Interpretability and causal discovery of the machine learning models to predict the production of CBM wells after hydraulic fracturing
This work addresses interpretability and generalization issues in a specific domain (CBM production prediction), representing an incremental improvement through hybrid methods.
The authors tackled the problem of low generalization and lack of interpretability in machine learning models for predicting coalbed methane (CBM) well production after hydraulic fracturing by proposing a novel methodology that combines causal discovery with SHAP analysis. Their approach improved forecasting accuracy by an average of 20% compared to traditional methods and produced results consistent with actual physical mechanisms.

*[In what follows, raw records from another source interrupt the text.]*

Lemma competitor_invariant_collinear (R : realType) (I J : interval R)
    (f : R -> R -> R) (x x' : R) :
  competitor_invariant I J f -> x \in I -> x' \in I ->
  collinear_on [set y | y \in J] (fun y => f x y - f x' y).
Proof.
move=> Hf xI x'I y1 y2 y3 /= y1J y2J y3J /andP[y12 y23].
have [<-|xx'] := eqVneq x x'; first by rewrite !subrr !mulr0 addr0.
have y13 := lt_trans y12 y23.
have y31 : y3 - y1 != 0 by rewrite subr_eq0 gt_eqF.
pose t := (y3 - y2) / (y3 - y1).
have t_ge0 : 0 <= t by rewrite divr_ge0// subr_ge0 ltW.
have t_le1 : 0 <= 1 - t.
  rewrite (_ : 1 - t = (y2 - y1) / (y3 - y1)) ?divr_ge0 ?subr_ge0 ?ltW//.
  by rewrite /t; field.
pose n : {finite_measure set R -> \bar R} := \d_y2.
have nE A : measurable A -> n A = weighted_diracs [:: (y2, 1)] A.
  by move=> _; rewrite /weighted_diracs big_cons big_nil mul1e adde0.
have n1 : n setT = 1%E by rewrite /n /= diracT.
have nJ : n (~` [set y | y \in J]) = 0%E.
  by rewrite /n /= diracE memNset//=; apply.
have bary_mn : bary (two_point y1 y3 t_ge0 t_le1) = bary n.
  rewrite bary_two_point ?lt_eqF// /bary.
  rewrite (integral_weighted_diracs (@measurable_set1 R) _ nE)//; congr EFin.
  by rewrite big_cons big_nil /= addr0 mul1r /t; field.
have := competitor_invariant_swap Hf xI x'I xx' (two_point_setT _ _ _ _) n1
  bary_mn (two_point_compl _ _ y1J y3J) nJ _ _
  (fun A _ => two_pointE _ _ _ _ A) nE.
rewrite /= inE lt_eqF// !big_cons !big_nil /= !addr0 !mul1r => /(_ isT isT) Hab.
have -> : f x y2 - f x' y2 =
    t * (f x y1 - f x' y1) + (1 - t) * (f x y3 - f x' y3) by lra.
by rewrite /t; field.
Qed.

Theorem lemma4p4 (R : realType) (I J : interval R) (f : R -> R -> R) :
  (forall a b : {finite_measure set (R * R)%type -> \bar R},
      concentrated a I J -> concentrated b I J -> competitors a b ->
      (\int[a]_z (f z.1 z.2)%:E = \int[b]_z (f z.1 z.2)%:E)%E) ->
  exists phi k psi : R -> R,
    forall x y, x \in I -> y \in J -> f x y = phi x + psi y + k x * y.
Proof.
move=> Hf.
have [[x0 x0I]|noI] := pselect (exists x0, x0 \in I); last first.
  exists (fun=> 0), (fun=> 0), (fun=> 0) => x y xI.
  by exfalso; apply: noI; exists x.
have affine x : exists ab : R * R,
    x \in I -> forall y, y \in J -> f x y - f x0 y = ab.1 + ab.2 * y.
  have [xI|_] := boolP (x \in I); last by exists (0, 0).
  have := collinear_on_affine (competitor_invariant_collinear Hf xI x0I).
  move=> [a [b ab]].
  by exists (a, b) => _ y yJ; exact: ab.
have [ab abP] := choice affine.
exists (fun x => (ab x).1), (fun x => (ab x).2), (f x0) => x y xI yJ.
by rewrite -[f x y](subrK (f x0 y)) abP// addrAC.
Qed.
Lemma card_all_sel (s : seq (Key k c)) : uniq s -> all [predC Q] s ->
  lin_indep (dkey @: ([set z in s] :|: Q)) ->
  (#|[set w2 : hat | all (sel w2) s]| * #|Sig r| ^ size s <=
   #|{: hat}| * \prod_(y <- s) sel_weight f y)%N.
Proof.
elim: s => [|y s IHs] /=; first by rewrite big_nil !muln1 max_card.
move=> /andP[ys uniq_s] /andP[yQ notQ_s] indep.
have indep_s : lin_indep (dkey @: ([set z in s] :|: Q)).
  apply: lin_indep_subset indep; apply: imsetS; apply/subsetP => x.
  by rewrite !inE => /orP[] ->; rewrite ?orbT.
rewrite big_cons expnS mulnA (leq_trans (leq_mul (card_sel_cons ys yQ indep) (leqnn _))) //.
by rewrite mulnAC [X in (_ <= X)%N]mulnCA mulnC leq_mul2l IHs ?orbT.
Qed.

Lemma card_tuple_sel m (E : {set hat}) (t : {ffun 'I_m -> Key k c}) :
  (forall w2, w2 \in E -> lin_indep (dkey @: [set x | sel w2 x])) ->
  (#|[set w2 in E | (t \in ffun_on ([set x | sel w2 x] :\: Q)) && injectiveb t]| *
     #|Sig r| ^ m <= #|{: hat}| * \prod_i ((t i \notin Q) * sel_weight f (t i)))%N.
Proof.
move=> indepE; set W := [set w2 in E | _].
have [-> | [w0 w0W]] := set_0Vmem W; first by rewrite cards0.
move: (w0W); rewrite inE => /and3P[w0E /ffun_onP t_sel t_inj].
have t_notQ i : t i \notin Q by have := t_sel i; rewrite !inE => /andP[].
have indep_t : lin_indep (dkey @: ([set z in codom t] :|: Q)).
  apply: lin_indep_subset (indepE w0 w0E); apply: imsetS; apply/subsetP => x.
  rewrite !inE => /orP[/codomP[i ->] | xQ]; last by rewrite /sel fQ.
  by have := t_sel i; rewrite !inE => /andP[].
have notQ_t : all [predC Q] (codom t) by apply/allP => _ /codomP[i ->]; apply: t_notQ.
have := card_all_sel t_inj notQ_t indep_t.
rewrite size_codom card_ord big_image => card_t.
apply: leq_trans (leq_trans (leq_mul (subset_leq_card _) (leqnn _)) card_t) _.
  apply/subsetP => w2; rewrite !inE => /and3P[_ /ffun_onP w2_sel _].
  by apply/allP => _ /codomP[i ->]; have := w2_sel i; rewrite !inE => /andP[].
by apply: eq_leq; congr (_ * _)%N; apply: eq_bigr => i _; rewrite t_notQ mul1n.
Qed.

Lemma falling_moment_count m (E : {set hat}) n :
  (forall w2, w2 \in E -> lin_indep (dkey @: [set x | sel w2 x])) ->
  (forall w2, w2 \in E -> n <= #|[set x | sel w2 x] :\: Q|)%N ->
  (#|E| * n ^_ m * #|Sig r| ^ m <=
   #|{: hat}| * (\sum_(x | x \notin Q) sel_weight f x) ^ m)%N.
Proof.
move=> indepE largeE.
have tuples : (#|E| * n ^_ m <= \sum_(t : {ffun 'I_m -> Key k c})
    #|[set w2 in E | (t \in ffun_on ([set x | sel w2 x] :\: Q)) && injectiveb t]|)%N.
  rewrite -sum_card_swap -sum_nat_const; apply: leq_sum => w2 w2E.
  by rewrite card_inj_ffuns_on card_ord leq_ffact ?largeE.
rewrite (leq_trans (leq_mul tuples (leqnn _))) // big_distrl /=.
apply: (@leq_trans (\sum_(t : {ffun 'I_m -> Key k c})
    #|{: hat}| * \prod_i ((t i \notin Q) * sel_weight f (t i)))%N).
  by apply: leq_sum => t _; apply: card_tuple_sel.
rewrite -big_distrr /= leq_mul2l.
rewrite -(bigA_distr_bigA (fun _ x => (x \notin Q) * sel_weight f x)%N) /= prod_nat_const card_ord.
have -> : (\sum_x (x \notin Q) * sel_weight f x = \sum_(x | x \notin Q) sel_weight f x)%N.
  by rewrite [RHS]big_mkcond; apply: eq_bigr => x _; case: (x \notin Q); rewrite ?mul1n.
by rewrite leqnn orbT.
Qed.
(* (x',dx',u') lies in the d-neighbourhood of (x,dx,u) (norm ||x||_{C^1} + ||u||_{C^0}). *)
Definition near (a b d : R) (x dx u x' dx' u' : R -> R) : Prop :=
  forall t, a <= t <= b ->
    Rabs (x' t - x t) < d /\ Rabs (dx' t - dx t) < d /\ Rabs (u' t - u t) < d.

Definition local_extremizer (a b : R) (P : (R -> R) -> (R -> R) -> (R -> R) -> Prop)
    (J : (R -> R) -> (R -> R) -> (R -> R) -> R) (x dx u : R -> R) : Prop :=
  P x dx u /\
  ((exists d, 0 < d /\ forall x' dx' u', P x' dx' u' -> near a b d x dx u x' dx' u' ->
       J x dx u <= J x' dx' u') \/
   (exists d, 0 < d /\ forall x' dx' u', P x' dx' u' -> near a b d x dx u x' dx' u' ->
       J x' dx' u' <= J x dx u)).

Definition Lfun (f : R -> R -> R -> R -> R -> R) (a b : R) (x dx u : R -> R) : R :=
  RInt (fun t => f t (x t) (u t) (x a) (x b)) a b.

Definition Jaug (f g : R -> R -> R -> R -> R -> R) (lam : R -> R) (a b : R)
    (x dx u : R -> R) : R :=
  RInt (fun t => f t (x t) (u t) (x a) (x b)
                 + lam t * (g t (x t) (u t) (x a) (x b) - dx t)) a b.

(* Normal extremizer: an extremizer of L subject to x' = g (and endpoint
   conditions), such that for some multiplier function lam it is an
   extremizer of the augmented functional with coefficient 1 on f. *)
Definition normal_extremizer (f g : R -> R -> R -> R -> R -> R) (a b : R)
    (fixA : bool) (xa : R) (fixB : bool) (xb : R) (x dx u : R -> R) : Prop :=
  local_extremizer a b (feasible g a b fixA xa fixB xb) (Lfun f a b) x dx u /\
  exists lam : R -> R, cont_on a b lam /\
    local_extremizer a b (admissible a b fixA xa fixB xb) (Jaug f g lam a b) x dx u.

Definition Hfun (f g : R -> R -> R -> R -> R -> R) (t x u p z s : R) : R :=
  f t x u z s + p * g t x u z s.
Definition H_x f g t x u p z s := Derive (fun y => Hfun f g t y u p z s) x.
Definition H_u f g t x u p z s := Derive (fun y => Hfun f g t x y p z s) u.
Definition H_p f g t x u p z s := Derive (fun y => Hfun f g t x u y z s) p.
Definition H_z f g t x u p z s := Derive (fun y => Hfun f g t x u p y s) z.
Definition H_s f g t x u p z s := Derive (fun y => Hfun f g t x u p z y) s.

From Stdlib Require Import Reals Lra Classical ClassicalEpsilon FunctionalExtensionality.
From Coquelicot Require Import Coquelicot.
Open Scope R_scope.

(* Since (xt, ut) extremizes the augmented functional J over all admissible triples, for
   every C^1 direction eta (vanishing at the imposed endpoints) and continuous nu the map
   ep |-> J (xt + ep eta, ut + ep nu) has a local extremum at 0, so its derivative, the
   first variation
     int_a^b (H_x eta + H_u nu + H_z eta(a) + H_s eta(b) - lam eta'),
   vanishes, the partials of H being taken at p = lam.  Taking eta = 0 and nu = H_u gives
   H_u = 0.  Taking nu = 0 and eta(a) = eta(b) = 0, the du Bois-Reymond lemma gives
   lam = - int_a^t H_x - k, hence lam' = - H_x.  Integrating by parts then reduces the
   first variation to boundary terms, and affine eta with eta(a) = 1 or eta(b) = 1 give
   the transversality conditions.  So p = lam, and x' = H_p is the constraint itself. *)

Lemma continuity_pt_eps (h : R -> R) (t : R) : continuity_pt h t ->
  forall eps, 0 < eps -> exists d, 0 < d /\
    forall s, Rabs (s - t) < d -> Rabs (h s - h t) < eps.
Proof.
  intros Hh eps Heps.
  destruct (proj1 (continuity_pt_locally h t) Hh (mkposreal eps Heps)) as [d Hd].
  exists d; split; [apply cond_pos | exact Hd].
Qed.

Lemma Rabs_half_triang (x y z r : R) :
  Rabs (x - y) < r / 2 -> Rabs (y - z) < r / 2 -> Rabs (x - z) < r.
Proof.
  intros. replace (x - z) with ((x - y) + (y - z)) by ring.
  eapply Rle_lt_trans; [apply Rabs_triang | lra].
Qed.

Lemma Rabs_mult_lt (x y d M : R) :
  Rabs x < d -> Rabs y <= M -> 0 < M -> Rabs (x * y) < d * M.
Proof. intros. rewrite Rabs_mult. pose proof (Rabs_pos x). pose proof (Rabs_pos y). nra. Qed.

Lemma continuity_cst (c : R) : continuity (fun _ => c).
Proof. apply continuity_const. now intros ? ?. Qed.

Lemma continuity_identity : continuity (fun t => t).
Proof. exact (derivable_continuous _ derivable_id). Qed.

(* Coquelicot integrates functions continuous on all of [R]; functions given on [[a, b]]
   are extended by constants beyond the endpoints. *)
Definition clamp (a b t : R) : R := Rmax a (Rmin b t).

Definition extend (a b : R) (h : R -> R) (t : R) : R := h (clamp a b t).

Lemma clamp_in (a b t : R) : a <= b -> a <= clamp a b t <= b.
Proof. intros. unfold clamp, Rmax, Rmin. repeat destruct Rle_dec; lra. Qed.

Machine learning approaches are widely studied in the production prediction of CBM wells after hydraulic fracturing, but merely used in practice due to the low generalization ability and the lack of interpretability. A novel methodology is proposed in this article to discover the latent causality from observed data, which is aimed at finding an indirect way to interpret the machine learning results. Based on the theory of causal discovery, a causal graph is derived with explicit input, output, treatment and confounding variables. Then, SHAP is employed to analyze the influence of the factors on the production capability, which indirectly interprets the machine learning models. The proposed method can capture the underlying nonlinear relationship between the factors and the output, which remedies the limitation of the traditional machine learning routines based on the correlation analysis of factors. The experiment on the data of CBM shows that the detected relationship between the production and the geological/engineering factors by the presented method, is coincident with the actual physical mechanism. Meanwhile, compared with traditional methods, the interpretable machine learning models have better performance in forecasting production capability, averaging 20% improvement in accuracy.